◆ AIM OF THE TASK ◆
Take the data below and extract the lines from the one with "Lemma ln2_pos : 0 < ln 2." to the one with "Lemma H2_0 : H2 0 = 0.", inclusive, exactly as written.

───── RECORDS SHOWN

(* Let $0<e_b<1/3$ and, for $a\in[e_b/2,e_b]$, consider the initial triple $(p_X,p_Y,p_Z)=(e_b-a,\;a,\;\tfrac32 e_b-a)$. Fix any finite sequence of B steps and P steps whose first step is a B step, let $(p_X',p_Y',p_Z')$ be the result of applying it, and let $R(a)=1-H_2(p_X'+p_Y')-H_2(p_Z'+p_Y')$. Then the minimum of $R(a)$ over $a\in[e_b/2,e_b]$ (the worst case) is attained at $a=e_b/2$.
   Context: $H_2(p)=-p\log_2 p-(1-p)\log_2(1-p)$. A B step maps $(p_X,p_Y,p_Z)$ to $p_X'=(p_X^2+p_Y^2)/p_S$, $p_Y'=2p_Xp_Y/p_S$, $p_Z'=2(1-p_X-p_Y-p_Z)p_Z/p_S$ with $p_S=1-2(p_X+p_Y)(1-p_X-p_Y)$. A P step maps $(p_X,p_Y,p_Z)$, with $p_I=1-p_X-p_Y-p_Z$, to $p_X'=3p_I^2(p_X+p_Y)+6p_Ip_Xp_Z+3p_X^2p_Y+p_X^3$, $p_Y'=6p_Ip_Yp_Z+3p_X(p_Y^2+p_Z^2)+3p_Yp_Z^2+p_Y^3$, $p_Z'=3p_I(p_Y^2+p_Z^2)+6p_Xp_Yp_Z+3p_Y^2p_Z+p_Z^3$. This is the single-photon SARG04 case, where $e_b$ is the bit error rate and $a$ the (unknown) $Y$-error rate. *)

From Stdlib Require Import Reals List.
Open Scope R_scope.

(* log base 2; Stdlib's ln is total with ln x = 0 for x <= 0, so 0 * log2 0 = 0,
   matching the convention 0 log 0 = 0. *)
Definition log2 (x : R) : R := ln x / ln 2.

Definition H2 (p : R) : R := - p * log2 p - (1 - p) * log2 (1 - p).

Definition triple := (R * R * R)%type.

Definition B_step (t : triple) : triple :=
  let '(pX, pY, pZ) := t in
  let pS := 1 - 2 * (pX + pY) * (1 - pX - pY) in
  ((pX ^ 2 + pY ^ 2) / pS,
   2 * pX * pY / pS,
   2 * (1 - pX - pY - pZ) * pZ / pS).

Definition P_step (t : triple) : triple :=
  let '(pX, pY, pZ) := t in
  let pI := 1 - pX - pY - pZ in
  (3 * pI ^ 2 * (pX + pY) + 6 * pI * pX * pZ + 3 * pX ^ 2 * pY + pX ^ 3,
   6 * pI * pY * pZ + 3 * pX * (pY ^ 2 + pZ ^ 2) + 3 * pY * pZ ^ 2 + pY ^ 3,
   3 * pI * (pY ^ 2 + pZ ^ 2) + 6 * pX * pY * pZ + 3 * pY ^ 2 * pZ + pZ ^ 3).

Inductive step := Bst | Pst.

Definition apply_step (s : step) (t : triple) : triple :=
  match s with Bst => B_step t | Pst => P_step t end.

Definition apply_steps (l : list step) (t : triple) : triple :=
  fold_left (fun acc s => apply_step s acc) l t.

Definition init_triple (eb a : R) : triple := (eb - a, a, 3 / 2 * eb - a).

Definition rate (l : list step) (eb a : R) : R :=
  let '(pX, pY, pZ) := apply_steps l (init_triple eb a) in
  1 - H2 (pX + pY) - H2 (pZ + pY).

From Stdlib Require Import Reals List Lra Psatz.
From Coquelicot Require Import Coquelicot.
Open Scope R_scope.

(* In the correlation coordinates c_X = 1 - 2(p_Y + p_Z), c_Y = 1 - 2(p_X + p_Z),
   c_Z = 1 - 2(p_X + p_Y), a B step is
     (c_X, c_Y, c_Z) |-> ((c_X^2 + c_Y^2)/(1 + c_Z^2), 2 c_X c_Y/(1 + c_Z^2), 2 c_Z/(1 + c_Z^2))
   and a P step is
     (c_X, c_Y, c_Z) |-> ((3 c_X - c_X^3)/2, c_Y (3 c_Z^2 - c_Y^2)/2, c_Z^3),
   while R = 1 - H2((1 - c_Z)/2) - H2((1 - c_X)/2).  Initially c_X = 1 - 3 e_b and
   c_Z = 1 - 2 e_b do not depend on a, and c_Y = 1 - 5 e_b + 4 a increases with a.
   After the first B step the triple lies in the region 0 <= c_X <= 1,
   0 <= c_Y <= c_Z <= 1 (before it, c_Y may exceed c_Z); both steps preserve this
   region, and on it c_Z' depends on c_Z only while c_X' and c_Y' are nondecreasing
   in (c_X, c_Y).  So the final c_Z does not depend on a and the final c_X is
   nondecreasing in a, and since H2 increases on [0, 1/2], R is least at a = e_b/2. *)

Lemma ln2_pos : 0 < ln 2.
Proof. rewrite <- ln_1. apply ln_increasing; lra. Qed.

Lemma xlnx_nonpos x : 0 <= x <= 1 -> x * ln x <= 0.
Proof.
  intros Hx. destruct (Req_dec x 0) as [-> | Hx0]; [lra |].
  assert (ln x <= 0) by (rewrite <- ln_1; apply ln_le; lra).
  nra.
Qed.

Lemma H2_0 : H2 0 = 0.
Proof. unfold H2, log2. rewrite Rminus_0_r, ln_1. field. apply Rgt_not_eq, ln2_pos. Qed.

Lemma H2_nonneg q : 0 <= q <= 1 -> 0 <= H2 q.
Proof.
  intros Hq. pose proof ln2_pos.
  assert (Hq' : 0 <= 1 - q <= 1) by lra.
  pose proof (xlnx_nonpos q Hq). pose proof (xlnx_nonpos (1 - q) Hq').
  replace (H2 q) with (- (q * ln q + (1 - q) * ln (1 - q)) / ln 2)
    by (unfold H2, log2; field; lra).
  apply Rdiv_le_0_compat; lra.
Qed.

Lemma H2_derivative c :
  0 < c < 1 -> derivable_pt_lim H2 c ((ln (1 - c) - ln c) / ln 2).
Proof.
  intros Hc. pose proof ln2_pos. apply is_derive_Reals. unfold H2, log2.
  auto_derive; [repeat split; lra |].
  replace (1 + - c) with (1 - c) by ring. field. lra.
Qed.

Lemma H2_monotone p q : 0 <= p <= q -> q <= 1 / 2 -> H2 p <= H2 q.
Proof.
  intros Hpq Hq.
  destruct (Req_dec p 0) as [-> | Hp0]; [rewrite H2_0; apply H2_nonneg; lra |].
  destruct (Req_dec p q) as [-> | Hpq']; [lra |].
  destruct (MVT_cor2 H2 (fun c => (ln (1 - c) - ln c) / ln 2) p q)
    as [c [Hmvt Hc]]; [lra | intros c Hc; apply H2_derivative; lra |].
  assert (ln c < ln (1 - c)) by (apply ln_increasing; lra).
  assert (0 <= (ln (1 - c) - ln c) / ln 2) by (apply Rdiv_le_0_compat; [lra | apply ln2_pos]).
  nra.
Qed.

Definition corrX (t : triple) : R := let '(pX, pY, pZ) := t in 1 - 2 * (pY + pZ).
Definition corrY (t : triple) : R := let '(pX, pY, pZ) := t in 1 - 2 * (pX + pZ).
Definition corrZ (t : triple) : R := let '(pX, pY, pZ) := t in 1 - 2 * (pX + pY).

Lemma B_step_denominator_pos pX pY : 0 < 1 - 2 * (pX + pY) * (1 - pX - pY).
Proof. pose proof (pow2_ge_0 (pX + pY - 1 / 2)). nra. Qed.

Lemma corrX_B_step t : corrX (B_step t) = (corrX t ^ 2 + corrY t ^ 2) / (1 + corrZ t ^ 2).
Proof. destruct t as [[x y] z]; simpl. pose proof (B_step_denominator_pos x y). field. split; nra. Qed.
Lemma corrY_B_step t : corrY (B_step t) = 2 * corrX t * corrY t / (1 + corrZ t ^ 2).
Proof. destruct t as [[x y] z]; simpl. pose proof (B_step_denominator_pos x y). field. split; nra. Qed.
Lemma corrZ_B_step t : corrZ (B_step t) = 2 * corrZ t / (1 + corrZ t ^ 2).
Proof. destruct t as [[x y] z]; simpl. pose proof (B_step_denominator_pos x y). field. split; nra. Qed.

Lemma corrX_P_step t : corrX (P_step t) = (3 * corrX t - corrX t ^ 3) / 2.
Proof. destruct t as [[x y] z]; simpl. field. Qed.
Lemma corrY_P_step t : corrY (P_step t) = corrY t * (3 * corrZ t ^ 2 - corrY t ^ 2) / 2.
Proof. destruct t as [[x y] z]; simpl. field. Qed.
Lemma corrZ_P_step t : corrZ (P_step t) = corrZ t ^ 3.
Proof. destruct t as [[x y] z]; simpl. ring. Qed.

Definition admissible (t : triple) : Prop :=
  0 <= corrX t <= 1 /\ 0 <= corrY t <= corrZ t /\ corrZ t <= 1.

Definition dominated (s t : triple) : Prop :=
  corrZ s = corrZ t /\ corrX s <= corrX t /\ corrY s <= corrY t.

Lemma B_step_admissible t :
  0 <= corrX t <= 1 -> 0 <= corrY t <= 1 -> corrX t * corrY t <= corrZ t ->
  admissible (B_step t).
Proof.
  unfold admissible. rewrite corrX_B_step, corrY_B_step, corrZ_B_step.
  set (x := corrX t); set (y := corrY t); set (z := corrZ t).
  intros Hx Hy Hxyz.
  assert (D : 0 < 1 + z ^ 2) by nra.
  assert (0 <= x * y) by nra.
  assert (0 <= (1 - x ^ 2) * (1 - y ^ 2)) by (apply Rmult_le_pos; nra).
  repeat split.
  - apply Rdiv_le_0_compat; nra.
  - apply (Rdiv_le_1 _ _ D). nra.
  - apply Rdiv_le_0_compat; nra.
  - unfold Rdiv. apply Rmult_le_compat_r; [left; apply Rinv_0_lt_compat |]; nra.
  - apply (Rdiv_le_1 _ _ D). pose proof (pow2_ge_0 (z - 1)). nra.
Qed.

Lemma B_step_monotone s t :
  0 <= corrX s -> 0 <= corrY s -> dominated s t -> dominated (B_step s) (B_step t).
Proof.
  unfold dominated. rewrite !corrX_B_step, !corrY_B_step, !corrZ_B_step.
  intros Hx Hy [-> [Hxx Hyy]].
  assert (D : 0 <= / (1 + corrZ t ^ 2)) by (left; apply Rinv_0_lt_compat; nra).
  unfold Rdiv. repeat split; apply Rmult_le_compat_r; nra.
Qed.

Lemma P_step_admissible t : admissible t -> admissible (P_step t).
Proof.
  unfold admissible. rewrite corrX_P_step, corrY_P_step, corrZ_P_step.
  set (x := corrX t); set (y := corrY t); set (z := corrZ t).
  intros [Hx [Hy Hz]].
  assert (0 <= x * (3 - x ^ 2)) by (apply Rmult_le_pos; nra).
  assert (0 <= (1 - x) ^ 2 * (2 + x)) by (apply Rmult_le_pos; nra).
  assert (0 <= y * (3 * z ^ 2 - y ^ 2)) by (apply Rmult_le_pos; nra).
  assert (0 <= (z - y) ^ 2 * (2 * z + y)) by (apply Rmult_le_pos; nra).
  repeat split; nra.
Qed.

Lemma P_step_monotone s t :
  admissible s -> admissible t -> dominated s t -> dominated (P_step s) (P_step t).
Proof.
  unfold admissible, dominated. rewrite !corrX_P_step, !corrY_P_step, !corrZ_P_step.
  intros [Hxs [Hys _]] [Hxt [Hyt Hzt]] [Hz [Hxx Hyy]]. rewrite Hz in *.
  split; [reflexivity |].
  assert (0 <= (corrX t - corrX s) * (3 - corrX s ^ 2 - corrX s * corrX t - corrX t ^ 2))
    by (apply Rmult_le_pos; nra).
  assert (0 <= (corrY t - corrY s) *
               (3 * corrZ t ^ 2 - corrY s ^ 2 - corrY s * corrY t - corrY t ^ 2))
    by (apply Rmult_le_pos; nra).
  split; nra.
Qed.

Lemma apply_step_admissible st t : admissible t -> admissible (apply_step st t).
Proof.
  intros Ht. destruct st; simpl; [| exact (P_step_admissible t Ht)].
  destruct Ht as [Hx [Hy Hz]].
  apply B_step_admissible; [lra | lra | nra].
Qed.

Lemma apply_step_monotone st s t :
  admissible s -> admissible t -> dominated s t ->
  dominated (apply_step st s) (apply_step st t).
Proof.
  intros Hs Ht Hst. destruct st; simpl.
  - destruct Hs as [Hx [Hy _]]. apply B_step_monotone; [lra | lra | exact Hst].
  - exact (P_step_monotone s t Hs Ht Hst).
Qed.

Lemma apply_steps_admissible l : forall t, admissible t -> admissible (apply_steps l t).
Proof.
  induction l as [| st l IH]; intros t Ht; simpl; [exact Ht |].
  apply IH, apply_step_admissible, Ht.
Qed.

Lemma apply_steps_monotone l : forall s t,
  admissible s -> admissible t -> dominated s t ->
  dominated (apply_steps l s) (apply_steps l t).
Proof.
  induction l as [| st l IH]; intros s t Hs Ht Hst; simpl; [exact Hst |].
  apply IH; [apply apply_step_admissible, Hs | apply apply_step_admissible, Ht |].
  apply apply_step_monotone; assumption.
Qed.

Definition key_rate (t : triple) : R :=
  let '(pX, pY, pZ) := t in 1 - H2 (pX + pY) - H2 (pZ + pY).

Lemma key_rate_corr t :
  key_rate t = 1 - H2 ((1 - corrZ t) / 2) - H2 ((1 - corrX t) / 2).
Proof.
  destruct t as [[x y] z]; simpl.
  replace ((1 - (1 - 2 * (x + y))) / 2) with (x + y) by field.
  replace ((1 - (1 - 2 * (y + z))) / 2) with (z + y) by field.
  reflexivity.
Qed.

Lemma key_rate_monotone s t :
  admissible s -> admissible t -> dominated s t -> key_rate s <= key_rate t.
Proof.
  intros [Hs _] [Ht _] [Hz [Hx _]].
  rewrite !key_rate_corr, Hz.
  assert (H2 ((1 - corrX t) / 2) <= H2 ((1 - corrX s) / 2)) by (apply H2_monotone; lra).
  lra.
Qed.

Lemma corrX_init eb a : corrX (init_triple eb a) = 1 - 3 * eb.
Proof. simpl. field. Qed.
Lemma corrY_init eb a : corrY (init_triple eb a) = 1 - 5 * eb + 4 * a.
Proof. simpl. field. Qed.
Lemma corrZ_init eb a : corrZ (init_triple eb a) = 1 - 2 * eb.
Proof. simpl. field. Qed.

Lemma B_step_init_admissible eb a :
  0 < eb < 1 / 3 -> eb / 2 <= a <= eb -> admissible (B_step (init_triple eb a)).
Proof.
  intros Heb Ha.
  apply B_step_admissible; rewrite ?corrX_init, ?corrY_init, ?corrZ_init; [lra | lra |].
  nra.
Qed.

Lemma init_dominated eb a :
  eb / 2 <= a -> dominated (init_triple eb (eb / 2)) (init_triple eb a).
Proof.
  intros Ha. unfold dominated.
  rewrite !corrX_init, !corrY_init, !corrZ_init. lra.
Qed.

Theorem corollary1 :
  forall (eb : R) (l : list step),
    0 < eb < 1 / 3 ->
    (exists l', l = Bst :: l') ->
    forall a : R, eb / 2 <= a <= eb ->
      rate l eb (eb / 2) <= rate l eb a.
Proof.
  intros eb l Heb [l' ->] a Ha.
  assert (Hlow : admissible (B_step (init_triple eb (eb / 2))))
    by (apply B_step_init_admissible; lra).
  assert (Ha' : admissible (B_step (init_triple eb a)))
    by (apply B_step_init_admissible; assumption).
  change (key_rate (apply_steps l' (B_step (init_triple eb (eb / 2))))
          <= key_rate (apply_steps l' (B_step (init_triple eb a)))).
  apply key_rate_monotone;
    [apply apply_steps_admissible, Hlow | apply apply_steps_admissible, Ha' |].
  apply apply_steps_monotone; [exact Hlow | exact Ha' |].
  apply B_step_monotone; rewrite ?corrX_init, ?corrY_init; [lra | lra |].
  apply init_dominated; lra.
Qed.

──────────

◆ TASK ANSWER ◆
Lemma ln2_pos : 0 < ln 2.
Proof. rewrite <- ln_1. apply ln_increasing; lra. Qed.

Lemma xlnx_nonpos x : 0 <= x <= 1 -> x * ln x <= 0.
Proof.
  intros Hx. destruct (Req_dec x 0) as [-> | Hx0]; [lra |].
  assert (ln x <= 0) by (rewrite <- ln_1; apply ln_le; lra).
  nra.
Qed.

Lemma H2_0 : H2 0 = 0.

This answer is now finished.